Overview of graphical models

Encode assumption about relationship among variables
- Tells use which variables are independent, dependent, conditionally independent, etc

Terminologies of Directed Acyclic Graphs (DAGs)

Terminology of graphs

Directed graph: shows that \(A\) affects \(Y\)

Undirected graph: \(A\) and \(Y\) are associated with each other

Nodes or vertices: \(A\) and \(Y\)
- We can think of them as variables
Edge: the link between \(A\) and \(Y\)
Directed graph: all edges are directed
Adjacent variables: if connected by an edge

Paths

A path is a way to get from one vertex to another, traveling along edges
There are 2 paths from \(W\) to \(B\):
- \(W \rightarrow Z \rightarrow B\)
- \(W \rightarrow Z \rightarrow A \rightarrow B\)
Directed Acyclic Graphs (DAGs)
- No undirected paths

No cycles

This is a DAG

More terminology

\(A\) is \(Z\)’s parent
\(D\) has two parents, \(B\) and \(Z\)
\(B\) is a child of \(Z\)
\(D\) is a descendant of \(A\)
\(Z\) is a ancestor of \(D\)

Relationship between DAGs and probability distributions

DAG example 1

C is independent of all variables \[ P(C\mid A, B, D) = P(C) \]
\(B\) and \(C, D\) are independent, conditional on \(A\) \[ P(B\mid A, C, D) = P(B\mid A) \Longleftrightarrow B \perp C, D \mid A \]
\(B\) and \(D\) are marginally dependent \[ P(B\mid D) \neq P(B) \]

DAG example 2

\(A\) and \(B\) are independent, conditional on \(C\) and \(D\) \[ P(A\mid B, C, D) = P(A\mid C, D) \Longleftrightarrow A \perp B \mid C, D \]
\(C\) and \(D\) are independent, conditional on \(A\) and \(B\) \[ P(D\mid A, B, C) = P(D\mid A, B) \Longleftrightarrow D \perp C \mid A, B \]

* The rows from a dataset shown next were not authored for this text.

(* For every $n\ge 0$ and every monotone language $L\subseteq\{0,1\}^n$, the minimal PDFA recognizing $L$ has at most \[ \sum_{i=0}^n \min\bigl(2^i,\ |F_{n-i}|-1\bigr) \] states. Moreover, for each $n\le 10$ there is a monotone language $L\subseteq\{0,1\}^n$ whose minimal PDFA has exactly this many states.
   Context: A PDFA is a deterministic finite automaton whose transition function may be partial; the minimal PDFA of $L$ is one recognizing $L$ with the least number of states. A language $L\subseteq\{0,1\}^n$ is monotone if whenever $s\in L$ and $t\in\{0,1\}^n$ pointwise dominates $s$ (i.e., $s(j)\le t(j)$ for all $j$), then $t\in L$. $F_k$ denotes the set of monotone Boolean functions of $k$ variables (including the constants $0$ and $1$); $|F_k|$ is the $k$th Dedekind number. *)

From mathcomp Require Import all_boot.
Set Implicit Arguments. Unset Strict Implicit. Unset Printing Implicit Defensive.

(* A PDFA over the alphabet {0,1} (encoded as bool: false = 0, true = 1)
   with k states 'I_k, a start state, a PARTIAL transition function
   and a set of accepting states. *)
Record pdfa (k : nat) := Pdfa {
  pdfa_start : 'I_k;
  pdfa_trans : 'I_k -> bool -> option 'I_k;
  pdfa_final : {set 'I_k}
}.

Fixpoint pdfa_run k (A : pdfa k) (q : 'I_k) (w : seq bool) : option 'I_k :=
  match w with
  | [::] => Some q
  | a :: w' => if pdfa_trans A q a is Some q' then pdfa_run A q' w' else None
  end.

Definition pdfa_accepts k (A : pdfa k) (w : seq bool) : bool :=
  if pdfa_run A (pdfa_start A) w is Some q then q \in pdfa_final A else false.

Definition recognizes n k (A : pdfa k) (L : {set n.-tuple bool}) : Prop :=
  forall w : seq bool, pdfa_accepts A w <-> exists2 t : n.-tuple bool, t \in L & tval t = w.

Definition monotone_lang n (L : {set n.-tuple bool}) : Prop :=
  forall s t : n.-tuple bool, s \in L ->
    (forall j : 'I_n, tnth s j <= tnth t j) -> t \in L.

(* |F_k| : number of monotone Boolean functions of k variables (constants included) *)
Definition dedekind (k : nat) : nat :=
  #|[set f : {ffun {ffun 'I_k -> bool} -> bool} |
      [forall x : {ffun 'I_k -> bool}, forall y : {ffun 'I_k -> bool}, [forall i : 'I_k, x i <= y i] ==> (f x <= f y)]]|.

Definition mono_bound (n : nat) : nat :=
  \sum_(i < n.+1) minn (2 ^ i) (dedekind (n - i) - 1).

From mathcomp Require Import all_boot zify.
Set Implicit Arguments. Unset Strict Implicit. Unset Printing Implicit Defensive.

(* For a
   prefix u, the residual table of u lists, for every suffix w of length
   n - |u| (in the order of [words]), whether u ++ w is in the language; equal
   tables mean equal residual languages.  The distinct live tables are the
   states of a Myhill-Nerode PDFA (reading a letter keeps one half of the
   table), and every PDFA for the language has at least that many states.

   Upper bound: the live tables of prefixes of length i are at most 2^i in
   number, and for a monotone language they are distinct monotone Boolean
   functions of the remaining n - i letters other than the constant 0, hence
   at most |F_(n-i)| - 1.  Summing over the levels i gives [mono_bound n].

   Sharpness for n <= 10: |F_m| is computed for m <= 4 by counting monotone
   truth tables, which evaluates [mono_bound n]; for each n an explicit
   upset (given by its minimal words) is checked by computation to have
   exactly that many live residual tables. *)

(* All words of length m, those starting with 0 (= false) first. *)
Fixpoint words (m : nat) : seq (seq bool) :=
  if m is m'.+1 then [seq false :: w | w <- words m'] ++ [seq true :: w | w <- words m']
  else [:: [::]].

Lemma mem_map_cons (c b : bool) (w : seq bool) (W : seq (seq bool)) :
  (b :: w \in [seq c :: v | v <- W]) = (b == c) && (w \in W).
Proof. by apply/mapP/andP => [[v vW [-> ->]]|[/eqP -> wW]]; last exists w. Qed.

Lemma mem_words m w : (w \in words m) = (size w == m).
Proof.
elim: m w => [|m IH] [|b w] //=; rewrite mem_cat ?mem_map_cons ?IH ?eqSS.
- by apply/negbTE; rewrite negb_or; apply/andP; split; apply/mapP => -[].
- by case: b; rewrite /= ?orbF.
Qed.

Lemma size_words m : size (words m) = 2 ^ m.
Proof. by elim: m => //= m IH; rewrite size_cat !size_map IH expnS mul2n addnn. Qed.

Lemma uniq_words m : uniq (words m).
Proof.
have cons_inj (c : bool) : injective (cons c) by move=> v w [].
elim: m => //= m IH; rewrite cat_uniq !(map_inj_uniq (cons_inj _)) IH andbT /=.
by apply/hasPn => _ /mapP [w _ ->]; apply/negP => /mapP [v _ []].
Qed.

Definition leW (s t : seq bool) : bool := all2 (fun a b : bool => a <= b) s t.

Lemma leW_refl s : leW s s.
Proof. by elim: s => //= a s ->; rewrite leqnn. Qed.

Lemma leW_size s t : leW s t -> size s = size t.
Proof. by elim: s t => [|a s IH] [|b t] //= /andP [_ /IH ->]. Qed.

Lemma leW_trans s t u : leW s t -> leW t u -> leW s u.
Proof.
elim: s t u => [|a s IH] [|b t] [|c u] //= /andP [ab st] /andP [bc tu].
by rewrite (leq_trans ab bc) (IH _ _ st tu).
Qed.

Lemma leW_cat s1 s2 t1 t2 :
  size s1 = size t1 -> leW (s1 ++ s2) (t1 ++ t2) = leW s1 t1 && leW s2 t2.
Proof. by elim: s1 t1 => [|a s IH] [|b t] //= [/IH ->]; rewrite andbA. Qed.

Lemma leW_nthP s t :
  size s = size t -> reflect (forall j, nth false s j <= nth false t j) (leW s t).
Proof.
elim: s t => [|a s IH] [|b t] //= e; first by constructor.
move: e => [e].
apply: (iffP andP) => [[ab /(IH _ e) st] [|j] //=|le].
by split; [exact: (le 0) | apply/(IH _ e) => j; exact: (le j.+1)].
Qed.

Lemma leW_tupleP n (s t : n.-tuple bool) :
  reflect (forall j : 'I_n, tnth s j <= tnth t j) (leW s t).
Proof.
have e : size s = size t by rewrite !size_tuple.
apply: (iffP (leW_nthP e)) => le j.
  by rewrite !(tnth_nth false).
case: (ltnP j n) => [jn|nj]; first by have := le (Ordinal jn); rewrite !(tnth_nth false).
by rewrite nth_default ?size_tuple.
Qed.

(* Membership in L of an arbitrary word (false unless its length is n). *)
Definition memb n (L : {set n.-tuple bool}) (w : seq bool) : bool :=
  if insub w is Some t then (t : n.-tuple bool) \in L else false.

Decomposition of joint distributions

Start with roots (nodes with no parents)
Proceed down the descendant line, always conditioning on parents

\(P(A, B, C, D) = P(C)P(D)P(A\mid D)P(B\mid A)\)

\(P(A, B, C, D) = P(D)P(A\mid D)P(B\mid D)P(C\mid A, B)\)

Compatibility between DAGs and distributions

In the above examples, the DAGs admit the probability factorizations. Hence, the probability function and the DAG are compatible
DAGs that are compatible with a particular probability function are not necessarily unique
Example 1:

Example 2:

In both of the above examples, \(A\) and \(B\) are dependent, i.e., \(P(A, B) \neq P(A) P(B)\)

Types of paths, blocking, and colliders

Types of paths

Forks

Chains

Inverted forks

When do paths induce associations?

If nodes \(A\) and \(B\) are on the ends of a path, then they are associated (via this path), if
- Some information flows to both of them (aka Fork), or
- Information from one makes it to the other (aka Chain)
Example: information flows from \(E\) to \(A\) and \(B\)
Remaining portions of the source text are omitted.